The PC beeped and shut itself off. Yvette, the receptionist, knocked and poked her head through the door, looking harried. ‘Sorry, Dr Brandon, sorry, there’s a system problem again, I’m about to get them on the phone.’
‘Can you hold off for a little while, Yvette? I’ve got a call to make.’
‘That’s fine, it’ll give me a chance to think up a list of really good swear words.’ She disappeared.
Emily lifted the phone, pressed 9 for an outside line, and began to dial. 011 for overseas, 44 for England, and then the number she knew from when she’d been a child, a young woman, ringing from the payphone booth at the end of the corridor of her college in Cambridge. She didn’t even have to think about it; her finger found the numbers by itself, even though she had not dialled them for eighteen years.
But she hesitated over the final button.
What if her father didn’t answer? What if he did answer and immediately put the telephone down? What if she only got a snatch of his voice, and it sounded sad and alone and she could not speak with him?
Emily put down the phone. She sat for a moment, thinking. Then she took out the phone book from the drawer of her desk and looked up the number for International Information. Five minutes later, she had another number with the same beginning. The phone rang twice on the other end, and then was answered by a man with a voice she didn’t recognise, but an accent so familiar it made her eyes water.
‘Yes,’ she said, ‘I’m sorry to bother you so late at home, vicar, and I don’t think we’ve met, but I wondered if you could tell me when the funeral will be for Mrs Charlotte Greaves?’

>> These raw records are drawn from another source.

Theorem mainTheorem14 (R : realType) (mu : nat -> R) (L : nat -> int) (c : R) :
  offspring_dist mu ->
  0 < c -> (forall n : nat, (0 < n)%N -> c * ln (n%:R : R) <= (L n)%:~R) ->
  exists delta : nat -> R,
    delta @ \oo --> (0 : R) /\
    \forall n \near \oo,
      forall (d : measure_display) (T : measurableType d)
        (P : probability T R) (xi : seq nat -> T -> nat),
      iid_offspring P mu xi ->
      ((1 - (n%:R ^+ 2)^-1)%:E <=
       P [set w | forall x : seq nat, in_tree xi w x ->
            (size x)%:Z = Num.ceil ((L n)%:~R * (1 + delta n)) ->
            exists k : nat, [/\ (k <= size x)%N, (L n <= k%:Z)%R &
              ((tdeg xi w (take k x))%:R <= ln (ln (n%:R : R)))%R]])%E.
Proof.
move=> [mu_ge0 [mu_sum1 [_ [mean_cvg mean_gt1]]]] c_gt0 L_ge.
have mu_sum_le1 N : \sum_(k < N) mu k <= 1.
  by rewrite -(cvg_lim _ mu_sum1) //; exact: partial_sum_le_lim (cvgP _ mu_sum1) N.
exists (delta mu c); split; first exact: delta_cvg0.
have eta_lt1 : \forall n \near \oo, eta mu n < 1.
  have /cvgr0Pnorm_lt/(_ 1 ltr01) := eta_cvg0 mean_cvg.
  by apply: filterS => n; rewrite gtr0_norm // eta_gt0.
near=> n => d T P xi xi_iid.
have n_gt1 : (1 < n)%N by near: n; exists 2%N.
have L_ge_n := L_ge n (ltnW n_gt1).
have L_gt0 : 0 < L n.
  by rewrite -(ltr0z R) (lt_le_trans _ L_ge_n) // mulr_gt0 // ln_gt0 // ltr1n.
have delta_ge0 : 0 <= delta mu c n by apply: delta_ge0 => //; near: n.
have [l [D [L_l -> l_gt0 le_lD lD]]] := depth_bounds L_gt0 delta_ge0.
rewrite L_l in L_ge_n *.
apply: le_trans (good_event_prob xi_iid mu_ge0 mu_sum_le1 (mean_le mu_ge0 mean_cvg)
  (tail_mean_le mu_ge0 mean_cvg n) (tail_mean_ge0 mu_ge0 mean_cvg n) l_gt0 le_lD).
rewrite lee_fin lerD2l lerN2; apply: (power_bound (c := c) (eta := eta mu n)) => //.
- by rewrite tail_mean_ge0 // tail_mean_le_eta.
- by rewrite eta_gt0 //; near: n.
- exact: ltnW.
- by rewrite (natrB R le_lD) lerBrDl -[X in X + _]mulr1 -mulrDr.
Unshelve. all: by end_near.
Qed.
Lemma pushout_retraction : exists r', tBlin DB r' /\ forall t, r' (T q2 t) = t.
Proof.
have [hq1 hq2 _ _] := po.
have [d dP] := choice tmap_pushout_sum_surj.
pose r' t := T h (r (d t).1) + (d t).2.
have r'E a b t : T q1 a + T q2 b = t -> r' t = T h (r a) + b.
  move=> e; apply/eqP; rewrite -subr_eq0 opprD addrACA.
  rewrite -(tBlinB (tBlin_tmap hh)) -(tBlinB hr); apply/eqP/tmap_pushout_sum_ker.
  by rewrite !(tBlinB (tBlin_tmap _)) // addrACA -opprD dP e subrr.
exists r'; split=> [c t s|t].
  rewrite (r'E (tact c (d t).1 + (d s).1) (tact c (d t).2 + (d s).2)).
    by rewrite hr (tBlin_tmap hh) tactD addrACA.
  by rewrite !(tBlin_tmap _) // addrACA -tactD !dP.
rewrite (r'E 0 t) ?(tBlin0 (tBlin_tmap hq1)) ?add0r //.
by rewrite (tBlin0 hr) (tBlin0 (tBlin_tmap hh)) add0r.
Qed.

End PushoutRetraction.

Lemma E_H_pushout_inflation (M N M' : lmodType B) (f : M -> N) (h : M -> M') :
  inflation E f -> Bhom h ->
  forall (Q : lmodType B) (q1 : N -> Q) (q2 : M' -> Q),
    is_pushout f h q1 q2 -> inflation E q2.
Proof.
move=> [L [g [hf hg f_inj [g_surj fg_exact] [_ _ _ _ [r [hr rf]]]]]] hh Q q1 q2 po.
have [hq1 hq2 qc univ] := po.
have gf m : g (f m) = (fun _ => 0 : L) (h m) by apply/fg_exact; exists m.
have [[g' [hg' g'1 g'2]] _] := univ _ _ _ hg (@Bhom_const0 _ M' L) gf.
exists L, g'; apply: E_H_intro => //.
- move=> x y e; have /(pushout_sum_ker hf hh po)[m [m0 xy]] : q1 0 + q2 (x - y) = 0.
    by rewrite (Bhom0 hq1) add0r (BhomB hq2) e subrr.
  have m_eq0 : m = 0 by apply: f_inj; rewrite -m0 (Bhom0 hf).
  by apply/eqP; rewrite -subr_eq0 xy m_eq0 (Bhom0 hh) oppr0.
- by move=> l; have [n <-] := g_surj l; exists (q1 n).
- move=> x; split=> [|[m' ->]]; last exact: g'2.
  have [n [m' ->]] := pushout_sum_surj hf hh po x.
  rewrite (BhomD hg') g'1 g'2 addr0 => /fg_exact[m ->].
  by exists (h m + m'); rewrite qc (BhomD hq2).
- exact: pushout_retraction hf hh po hr rf.
Qed.

End TensorFunctor.

Theorem lemma3p1 (k : fieldType) (H : falgType k)
  (Delta : H -> tens H H) (eps : H -> k) (S : H -> H)
  (B : algType k) (DeltaB : B -> tens H B) :
  is_hopf Delta eps S ->
  is_comod_alg Delta eps DeltaB ->
  exact_structure (@E_H k H B DeltaB).
Proof.
move=> _ [_ DB1 _ _ _]; split.
- move=> M N L f g [hf hg f_inj [g_surj fg_exact] _].
  by split; [| | exact: exact_is_kernel | exact: exact_is_cokernel].
- exact: E_H_zero.
- by split; [exact: E_H_deflation_comp | exact: E_H_inflation_comp].
- move=> N L L' g h defl hh; split; last exact: E_H_pullback_deflation defl hh.
  by have [M [f [_ hg _ _ _]]] := defl; exact: pullback_exists.
- move=> M N M' f h infl hh; split; last exact: E_H_pushout_inflation infl hh.
  by have [L [g [hf _ _ _ _]]] := infl; exact: pushout_exists.
Qed.
(* Let $n\le s$ be positive integers and let $\mathbb{F}$ be a field with $|\mathbb{F}|\ge s'$, where $s'$ is the number of edges of the graph $G$ described in the context. Then the polynomial map $U(\mathbf{x},\mathbf{y}) : \mathbb{F}^{2s}\to\mathbb{F}^{n\times n}$ described in the context contains in its image every matrix $A\in\mathbb{F}^{n\times n}$ which is computed by a linear circuit of size at most $s$, and every coordinate of $U$ is a polynomial of degree at most $s'(s+1)$.
   Context: Linear circuits: a directed acyclic graph with $n$ input nodes labeled $X_1,\dots,X_n$ and $n$ output nodes, edges labeled by scalars of $\mathbb{F}$; each node computes the linear combination, with the edge labels as coefficients, of the linear forms computed by its children; size = number of edges; the circuit computes the matrix $A$ whose $(i,j)$ entry is the coefficient of $X_i$ in the form at the $j$-th output. The graph $G$: vertex set is a disjoint union $V_0\cup V_1\cup\dots\cup V_s\cup V_{s+1}$, where $V_0$ consists of $n$ input nodes labeled $X_1,\dots,X_n$, $V_{s+1}$ consists of $n$ output nodes, and each of $V_1,\dots,V_s$ has $s$ vertices; every vertex in $V_i$ has as children all vertices in $V_j$ for all $0\le j<i$ (for $0\le i\le s+1$). Let $s'$ be the number of edges of $G$ and enumerate them $e_1,\dots,e_{s'}$. The map $\mathrm{SV}_{s',s}(\mathbf{x},\mathbf{y}):\mathbb{F}^{2s}\to\mathbb{F}^{s'}$, with $\mathbf{x}=(x_1,\dots,x_s)$, $\mathbf{y}=(y_1,\dots,y_s)$: fix distinct $\alpha_1,\dots,\alpha_{s'}\in\mathbb{F}$, let $u_i(z)=\prod_{j\ne i}(z-\alpha_j)/\prod_{j\neq i}(\alpha_i-\alpha_j)$ be the Lagrange interpolation polynomials, and let the $i$-th coordinate be $P_i(\mathbf{x},\mathbf{y})=\sum_{j=1}^s u_i(y_j)x_j$. Label edge $e_i$ by $P_i(\mathbf{x},\mathbf{y})$. Then $U(\mathbf{x},\mathbf{y})$ is the $n\times n$ matrix whose $(i,j)$ entry is the sum, over all directed paths in $G$ from input $X_i$ to the $j$-th output node, of the product of the edge labels along the path. *)

From HB Require Import structures.
From mathcomp Require Import all_boot all_order all_algebra.
From mathcomp Require Import mpoly.
Set Implicit Arguments. Unset Strict Implicit. Unset Printing Implicit Defensive.
Import Order.TTheory GRing.Theory Num.Theory.
Local Open Scope ring_scope.

(* A circuit has nodes 'I_N.  An edge (u, v) \in E means that u is a    *)
(* child of v (the edge is directed from u to v) and carries the label  *)
(* lab u v.  Acyclicity is encoded by a topological numbering: every    *)
(* edge (u, v) satisfies u < v (every finite DAG admits one).           *)
Record lcircuit (F : Type) (n : nat) := LCircuit {
  cN : nat;
  cE : {set 'I_cN * 'I_cN};
  clab : 'I_cN -> 'I_cN -> F;
  cin : 'I_n -> 'I_cN;
  cout : 'I_n -> 'I_cN
}.

Definition lcircuit_wf (F : Type) (n : nat) (C : lcircuit F n) : Prop :=
  (forall e, e \in cE C -> (e.1 < e.2)%N) /\
  [/\ injective (cin C), injective (cout C),
      (forall i j, cin C i != cout C j),
      (forall u i, (u, cin C i) \notin cE C) &
      (forall j v, (cout C j, v) \notin cE C)].

Definition lcircuit_size (F : Type) (n : nat) (C : lcircuit F n) : nat :=
  #|cE C|.
(* For every $E>0$ there exist even, non-quadratic $V_1,V_2\in\mathcal{UM}$ with $\deg(V_1,0)=\deg(V_2,0)=2$ such that $a(\theta)=b_E(\theta)$ for every $\theta\in(0,E)$. Moreover, $V_1,V_2$ can be chosen so that in addition $\sqrt{V_2''(0)/V_1''(0)}$ is irrational.
   Context: $\mathcal{UM}$: real-analytic $V:\mathbb R\to\mathbb R_{\ge0}$ with $V(0)=0$, $yV'(y)>0$ for $y\neq0$, $V(y)\to\infty$ as $y\to\pm\infty$; $\deg(V,0)$ is the least $m$ with $V^{(m)}(0)\ne0$; $V^{-1}$ is the inverse of $V|_{[0,\infty)}$. $a(\theta)=\int_0^{V_1^{-1}(\theta)}\frac{dy}{\sqrt2\sqrt{\theta-V_1(y)}}$ for $\theta>0$ and $b_E(\theta)=\int_0^{V_2^{-1}(E-\theta)}\frac{dy}{\sqrt2\sqrt{E-\theta-V_2(y)}}$ for $0\le\theta<E$. *)

From Stdlib Require Import Reals Lra ClassicalEpsilon QArith.
From Coquelicot Require Import Coquelicot.
Open Scope R_scope.

Definition real_analytic (V : R -> R) : Prop :=
  forall x0 : R, exists (r : posreal) (c : nat -> R),
    forall x : R, Rabs (x - x0) < r -> is_pseries c (x - x0) (V x).

Definition UM (V : R -> R) : Prop :=
  real_analytic V /\
  (forall y, 0 <= V y) /\
  V 0 = 0 /\
  (forall y, y <> 0 -> y * Derive V y > 0) /\
  filterlim V (Rbar_locally p_infty) (Rbar_locally p_infty) /\
  filterlim V (Rbar_locally m_infty) (Rbar_locally p_infty).

Definition deg_at0 (V : R -> R) (m : nat) : Prop :=
  Derive_n V m 0 <> 0 /\ (forall k : nat, (k < m)%nat -> Derive_n V k 0 = 0).

Definition even_fun (V : R -> R) : Prop := forall y, V (- y) = V y.

Definition quadratic (V : R -> R) : Prop := exists c : R, forall y, V y = c * y ^ 2.

Definition irrational (x : R) : Prop := ~ exists q : Q, Q2R q = x.

Definition Vinv (V : R -> R) (t : R) : R :=
  epsilon (inhabits 0) (fun y => 0 <= y /\ V y = t).

Definition is_a (V1 : R -> R) (theta l : R) : Prop :=
  is_RInt_gen (fun y => 1 / (sqrt 2 * sqrt (theta - V1 y)))
    (at_point 0) (at_left (Vinv V1 theta)) l.

Definition is_b (V2 : R -> R) (E theta l : R) : Prop :=
  is_RInt_gen (fun y => 1 / (sqrt 2 * sqrt (E - theta - V2 y)))
    (at_point 0) (at_left (Vinv V2 (E - theta))) l.
(* Each of the two faces through e contributes two edges x with face_pair x e. *)
Lemma nbr_edges_card : #|nbr_edges| = 4.
Proof.
have [f hf sf] := edge_in_face He.
have [g [hg sg ngf U]] := other_face He hf sf.
have face_pairP h x : h \in F -> e \subset h -> x \in face_nbrs h -> face_pair x e /\ x :|: e = h.
  move=> hh sh; rewrite !inE => /andP [hxe /andP [sx /eqP cx]].
  have hx := edge_of_face hh sx cx; have eU := edges_span_face hx He hxe hh sx sh.
  by rewrite /face_pair hx He hxe eU hh.
have -> : nbr_edges = face_nbrs f :|: face_nbrs g.
  apply/setP => x; rewrite in_setU inE; apply/idP/idP.
  - case/and4P => hx _ hxe hxf; rewrite !inE (edge_card hx) eqxx hxe /= !andbT.
    by case: (U _ hxf (subsetUr x e)) => <-; rewrite subsetUl ?orbT.
  - by case/orP => [/(face_pairP _ _ hf sf) | /(face_pairP _ _ hg sg)] [].
have disj : face_nbrs f :&: face_nbrs g = set0.
  apply/setP => x; rewrite inE in_set0; apply/negP => /andP [xf xg].
  have [_ ef] := face_pairP _ _ hf sf xf; have [_ eg] := face_pairP _ _ hg sg xg.
  by rewrite -ef -eg eqxx in ngf.
have := cardsUI (face_nbrs f) (face_nbrs g).
by rewrite disj cards0 addn0 (face_nbrs_card hf sf) (face_nbrs_card hg sg).
Qed.

Lemma pred_set_card : #|pred_set| = 2.
Proof.
set J := [set flip x | x in pred_set].
have flipK x : x \in pred_set -> flip (flip x) = x.
  by move/pred_set_face_pair/flip_involutive => [].
have cJ : #|J| = #|pred_set| by apply: card_in_imset; exact: can_in_inj flipK.
have U : nbr_edges = pred_set :|: J.
  apply/setP => x; rewrite in_setU [in LHS]inE; apply/idP/orP.
  - move=> hx; case: (pred_or_flip_pred hx) => h; [by left | right].
    by apply/imsetP; exists (flip x) => //; rewrite (proj2 (flip_involutive hx)).
  - case => [/pred_set_face_pair // | /imsetP [y hy ->]].
    exact: (proj1 (flip_involutive (pred_set_face_pair hy))).
have D : pred_set :&: J = set0.
  apply/setP => y; rewrite inE in_set0; apply/negP => /andP [hy /imsetP [x hx ey]].
  by subst y; apply: (flip_not_pred hx hy).
by have := cardsUI pred_set J; rewrite -U D cards0 nbr_edges_card cJ addn0; lia.
Qed.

Robbie stopped off at the Clyde Bay General Store for a cup of coffee before he even got to the boatyard – the owner, Perry, made pretty bad coffee, but it was the only place open this time of morning, and besides, Robbie liked shooting the shit with the old guys who always hung around the store every morning eating home-made doughnuts from the tray on the counter. In the summer they sat on the bench outside, and as soon as it got cold they picked up the bench and put it inside, next to the old wood stove in the centre of the store. Retired lobstermen, all of them, who’d never got out of the habit of getting up before sunrise, even when they were too old to haul pots. They were good for a few minutes’ banter about last night’s Celtics game. In the summer, it was the Red Sox, and in the autumn, the Patriots. Time around here was measured by sports teams and the weather, everything in an endless cycle.